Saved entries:

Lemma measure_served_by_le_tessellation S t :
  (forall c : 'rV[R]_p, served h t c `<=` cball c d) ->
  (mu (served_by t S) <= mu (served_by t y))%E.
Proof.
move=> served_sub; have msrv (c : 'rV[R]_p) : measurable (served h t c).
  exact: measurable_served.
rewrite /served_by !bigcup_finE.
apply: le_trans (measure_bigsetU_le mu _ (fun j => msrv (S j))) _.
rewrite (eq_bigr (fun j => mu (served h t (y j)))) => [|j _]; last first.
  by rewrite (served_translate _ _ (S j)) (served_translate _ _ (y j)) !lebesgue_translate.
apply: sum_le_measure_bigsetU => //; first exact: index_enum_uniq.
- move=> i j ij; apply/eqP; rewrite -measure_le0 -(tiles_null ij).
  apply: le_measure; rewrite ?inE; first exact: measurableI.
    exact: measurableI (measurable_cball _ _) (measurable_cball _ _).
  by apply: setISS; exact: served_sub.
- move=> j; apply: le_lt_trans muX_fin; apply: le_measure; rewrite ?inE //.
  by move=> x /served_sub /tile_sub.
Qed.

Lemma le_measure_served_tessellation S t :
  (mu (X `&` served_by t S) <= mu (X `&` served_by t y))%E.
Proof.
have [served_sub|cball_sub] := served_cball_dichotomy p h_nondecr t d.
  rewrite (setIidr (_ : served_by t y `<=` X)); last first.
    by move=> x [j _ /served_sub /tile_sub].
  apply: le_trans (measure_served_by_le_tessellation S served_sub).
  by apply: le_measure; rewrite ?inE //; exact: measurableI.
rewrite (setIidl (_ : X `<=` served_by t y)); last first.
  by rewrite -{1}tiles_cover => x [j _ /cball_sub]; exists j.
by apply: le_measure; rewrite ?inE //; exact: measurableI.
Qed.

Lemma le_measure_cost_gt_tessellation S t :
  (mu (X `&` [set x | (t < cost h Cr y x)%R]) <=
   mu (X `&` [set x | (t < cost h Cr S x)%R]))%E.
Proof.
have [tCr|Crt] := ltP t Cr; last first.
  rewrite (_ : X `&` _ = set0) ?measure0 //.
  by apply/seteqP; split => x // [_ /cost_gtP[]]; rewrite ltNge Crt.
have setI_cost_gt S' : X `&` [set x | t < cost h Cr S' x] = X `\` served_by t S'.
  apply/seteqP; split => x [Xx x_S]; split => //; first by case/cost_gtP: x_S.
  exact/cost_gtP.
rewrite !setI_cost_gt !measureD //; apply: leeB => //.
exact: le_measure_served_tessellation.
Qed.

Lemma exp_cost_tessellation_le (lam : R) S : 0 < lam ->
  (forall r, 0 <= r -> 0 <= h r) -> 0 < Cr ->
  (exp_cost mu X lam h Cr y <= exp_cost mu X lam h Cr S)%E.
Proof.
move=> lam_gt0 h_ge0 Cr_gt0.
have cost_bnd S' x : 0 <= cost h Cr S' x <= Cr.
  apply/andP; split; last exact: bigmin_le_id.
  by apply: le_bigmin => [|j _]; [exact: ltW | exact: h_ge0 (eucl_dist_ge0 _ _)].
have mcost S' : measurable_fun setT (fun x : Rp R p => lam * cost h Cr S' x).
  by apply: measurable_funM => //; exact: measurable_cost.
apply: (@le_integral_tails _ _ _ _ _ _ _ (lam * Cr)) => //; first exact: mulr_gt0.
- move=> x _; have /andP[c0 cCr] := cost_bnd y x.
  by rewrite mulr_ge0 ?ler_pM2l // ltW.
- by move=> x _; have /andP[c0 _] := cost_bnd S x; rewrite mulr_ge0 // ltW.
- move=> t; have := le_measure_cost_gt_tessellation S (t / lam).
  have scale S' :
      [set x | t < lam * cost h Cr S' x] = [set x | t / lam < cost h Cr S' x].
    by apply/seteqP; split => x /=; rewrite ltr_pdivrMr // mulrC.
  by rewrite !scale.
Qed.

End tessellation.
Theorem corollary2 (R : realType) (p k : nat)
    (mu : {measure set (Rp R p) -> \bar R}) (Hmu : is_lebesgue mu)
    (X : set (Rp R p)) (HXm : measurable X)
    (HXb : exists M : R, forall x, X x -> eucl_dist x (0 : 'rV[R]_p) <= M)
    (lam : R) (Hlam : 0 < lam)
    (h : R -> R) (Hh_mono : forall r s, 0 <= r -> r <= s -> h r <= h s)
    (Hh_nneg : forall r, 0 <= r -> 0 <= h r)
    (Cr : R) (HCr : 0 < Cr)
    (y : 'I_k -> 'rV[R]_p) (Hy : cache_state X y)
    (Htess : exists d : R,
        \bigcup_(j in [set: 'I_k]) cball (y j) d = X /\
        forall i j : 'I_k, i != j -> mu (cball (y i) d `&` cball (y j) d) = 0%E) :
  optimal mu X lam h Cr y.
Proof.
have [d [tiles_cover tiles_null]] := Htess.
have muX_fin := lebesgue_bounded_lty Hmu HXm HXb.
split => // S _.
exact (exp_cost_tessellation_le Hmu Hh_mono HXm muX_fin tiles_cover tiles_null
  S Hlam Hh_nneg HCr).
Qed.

(Activity) Given the records above, return exactly the lines starting at the line containing "by move=> x [j _ /served_sub /tile_sub]." and ending at the line containing "Lemma le_measure_cost_gt_tessellation S", including both.

(Task result)
    by move=> x [j _ /served_sub /tile_sub].
  apply: le_trans (measure_served_by_le_tessellation S served_sub).
  by apply: le_measure; rewrite ?inE //; exact: measurableI.
rewrite (setIidl (_ : X `<=` served_by t y)); last first.
  by rewrite -{1}tiles_cover => x [j _ /cball_sub]; exists j.
by apply: le_measure; rewrite ?inE //; exact: measurableI.
Qed.

Lemma le_measure_cost_gt_tessellation S t :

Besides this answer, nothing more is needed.